Although Sargent’s fame is located in his portraits, Fashion and Swagger makes the point that he was more concerned with interior drama and the unconventional. His technical skills are legendary: the lightest touch to convey shape, colour and silhouette. The artist not only understands the language of clothes, he captures the fantasy, the aspiration. He borrows from British painters such as Thomas Gainsborough and William Larkin. High-society sitters wearing their finest garb, striking a strong if artificial pose – this style of portrait is given the name “swagger”. There is no room for modesty: these paintings communicate an audacity and an ambition. It this idea that ties the whole exhibition together. Clothes signify status, but their links to identity, performance, self-promotion – how we want the world to see us – is what interests Sargent the most.
In Sargent’s society pictures, we have a formula going back to Gainsborough: achingly beautiful clothes, hung on grand, aristocratic features. Not exactly pushing the boundaries of modern art. But Fashion and Swagger argues that Sargent is no mindless flatterer. He knows that some of his subjects are not classic beauties, but Sargent digs deeper, resulting in paintings that have more to say than striking an attitude in lilac taffeta or white silk. Lady Agnew of Lochnaw and Miss Elsie Palmer (A Lady in White) may initially read as ultra-feminine, but there is an unspoken intensity. Lady Agnew’s eyes burn through the canvas, challenging us not to bore her. Elsie Palmer coolly considers us with amusement. There is, in what they are wearing, how they are placed within the frame, an element of performance. But the person, the individual, still emerges.
To reinforce this point, Fashion and Swagger also discusses Sargent’s impact on reframing late-Victorian masculinity. Sargent’s own sexuality was never stated, but he was quite comfortable around men whose sexual preferences were more clearly defined. His show-stopping portrait of Dr Pozzi at Home displays an ambiguity and tension in Pozzi’s body language that is years ahead of its time. Pozzi’s floor-length red coat exudes both strength and theatricality. Through subtle visual coding, Sargent also applies queer motifs to W. Graham Robertson, a well-known associate of Oscar Wilde. These paintings may fall under the banner of ‘society portraits’, but they veer sharply from its genteel, closeted world. There is a fluidity in Sargent’s work that moves beyond the social, sexual and political boundaries of his own era.
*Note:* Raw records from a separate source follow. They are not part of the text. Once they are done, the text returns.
Lemma prefix_rev_past (e : nat -> A) (j : nat) : prefix e j = rev (e j :: past e j).
Proof.
  unfold prefix, past; simpl rev; rewrite rev_involutive, seq_S, map_app; reflexivity.
Qed.

Lemma length_past (e : nat -> A) (j : nat) : length (past e j) = j.
Proof. unfold past; rewrite length_rev, length_map, length_seq; reflexivity. Qed.

Lemma past_split (e : nat -> A) (j k : nat) : (j < k)%nat ->
  exists rh2, past e k = rh2 ++ e j :: past e j.
Proof.
  intros Hjk. exists (rev (map e (seq (S j) (k - S j)))).
  unfold past; replace k with (S j + (k - S j))%nat at 1 by lia.
  rewrite seq_app, map_app, rev_app_distr, (seq_S j 0), map_app, rev_app_distr.
  reflexivity.
Qed.

Theorem limit_strategy_shadows :
  is_metric d -> proper d -> dense_range d iota -> (forall j, 0 < del j) ->
  forall (e : nat -> A) (k : nat),
  (forall j, (j < k)%nat -> eventually_bounded d (fun n => iota (sig n (prefix e j)))) ->
  forall N, exists n, (N <= n)%nat /\ forall j, (j < k)%nat ->
    d (iota (limit_strategy (prefix e j))) (iota (sig n (prefix e j))) < del j.
Proof.
  intros Hd Hproper Hdense Hdel e k Hb N.
  assert (Hconv : forall j, (j < k)%nat -> exists M, forall m, (M <= m)%nat ->
            d (iota (sig (nested (past e k) m) (prefix e j))) (limit_answer (e j) (past e j))
            < del j / 2).
  { intros j Hj. specialize (Hb j Hj); rewrite prefix_rev_past in *.
    destruct (past_split e j k Hj) as [rh2 ->].
    apply (limit_answer_converges _ _ rh2 Hd Hproper Hb).
    specialize (Hdel j); lra. }
  destruct (eventually_forall_lt k _ Hconv) as [M HM].
  exists (nested (past e k) (max M N)); split.
  - pose proof (strictly_increasing_ge _ (nested_increasing (past e k)) (max M N)); lia.
  - intros j Hj. specialize (HM (max M N) ltac:(lia) j Hj).
    pose proof (limit_strategy_close (e j) (past e j) Hdense Hdel) as Hclose.
    rewrite length_past, <- prefix_rev_past in Hclose.
    pose proof (dist_triangle d Hd (iota (limit_strategy (prefix e j)))
                  (limit_answer (e j) (past e j))
                  (iota (sig (nested (past e k) (max M N)) (prefix e j)))).
    pose proof (dist_sym d Hd (iota (limit_strategy (prefix e j)))
                  (limit_answer (e j) (past e j))).
    pose proof (dist_sym d Hd (limit_answer (e j) (past e j))
                  (iota (sig (nested (past e k) (max M N)) (prefix e j)))).
    lra.
Qed.

End LimitStrategy.

Section Game.
Context {X O : Type} (d : X -> X -> R) (iota : nat -> X) (p : nat).

Definition moves (s : nat -> O) (x : nat -> nat) : nat -> O * nat := fun j => (s j, x j).

Definition c_move (sg : strategy2 O) (s : nat -> O) (x : nat -> nat) (j : nat) : nat :=
  if Nat.even j then x j else sg (prefix (moves s x) j).

Definition d_move (sg : strategy2 O) (s : nat -> O) (x : nat -> nat) (j : nat) : nat :=
  if Nat.even j then sg (prefix (moves s x) j) else x j.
Fashion and Swagger delivers not only an overview of Sargent’s life and career, but an interpretation of how he combined fashion with identity. What is revealed is an artist whose practice may be rooted in tradition, but his reaction to who and what he painted speaks more to our age. How we edit our own photos, present the best version of ourselves, would be recognised by Sargent. It wasn’t just the surfaces that Sargent was painting, but the dimensions of ourselves that clothes reveal: the psychology behind what we choose to show and conceal. Far from being superficial, the exhibition encourages us to appreciate the artist on a deeper level. In allowing us to get up close to Sargent, Exhibition on Screen identifies the reason for Sargent’s continuing popularity. He doesn’t just fulfil our expectations, he gives us more than we were expecting.
Exhibition on Screen: John Singer Sargent – Fashion and Swagger is screening at Plymouth Arts Cinema on Wed 24th and Sat 27th April.